(Beginning of THE INPUT)
Lemma hull_without_mix b s q1 q2 : 0 <= s <= 1 ->
  hull_without b q1 -> hull_without b q2 -> hull_without b (mix s q1 q2).
Proof.
case/andP => s0 s1 [l1 [l1_ge0 l1b l1_sum l1x l1y]] [l2 [l2_ge0 l2b l2_sum l2x l2y]].
exists (fun j => s * l1 j + (1 - s) * l2 j).
have sum_mix F : \sum_j (s * l1 j + (1 - s) * l2 j) * F j =
    s * \sum_j l1 j * F j + (1 - s) * \sum_j l2 j * F j.
  rewrite !mulr_sumr -big_split /=; apply: eq_bigr => j _; ring.
split.
- by move=> j; rewrite addr_ge0 // mulr_ge0 // subr_ge0.
- by rewrite l1b l2b !mulr0 addr0.
- have := sum_mix (fun _ => 1); rewrite !(eq_bigr _ (fun j _ => mulr1 _)) l1_sum l2_sum.
  by move=> ->; ring.
- by rewrite sum_mix l1x l2x.
- by rewrite sum_mix l1y l2y.
Qed.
(End of THE INPUT)
TASK BRIEF
Your task is to transcribe the listing above in full, exactly as given.

SOLUTION TO THIS TASK
Lemma hull_without_mix b s q1 q2 : 0 <= s <= 1 ->
  hull_without b q1 -> hull_without b q2 -> hull_without b (mix s q1 q2).
Proof.
case/andP => s0 s1 [l1 [l1_ge0 l1b l1_sum l1x l1y]] [l2 [l2_ge0 l2b l2_sum l2x l2y]].
exists (fun j => s * l1 j + (1 - s) * l2 j).
have sum_mix F : \sum_j (s * l1 j + (1 - s) * l2 j) * F j =
    s * \sum_j l1 j * F j + (1 - s) * \sum_j l2 j * F j.
  rewrite !mulr_sumr -big_split /=; apply: eq_bigr => j _; ring.
split.
- by move=> j; rewrite addr_ge0 // mulr_ge0 // subr_ge0.
- by rewrite l1b l2b !mulr0 addr0.
- have := sum_mix (fun _ => 1); rewrite !(eq_bigr _ (fun j _ => mulr1 _)) l1_sum l2_sum.
  by move=> ->; ring.
- by rewrite sum_mix l1x l2x.
- by rewrite sum_mix l1y l2y.
Qed.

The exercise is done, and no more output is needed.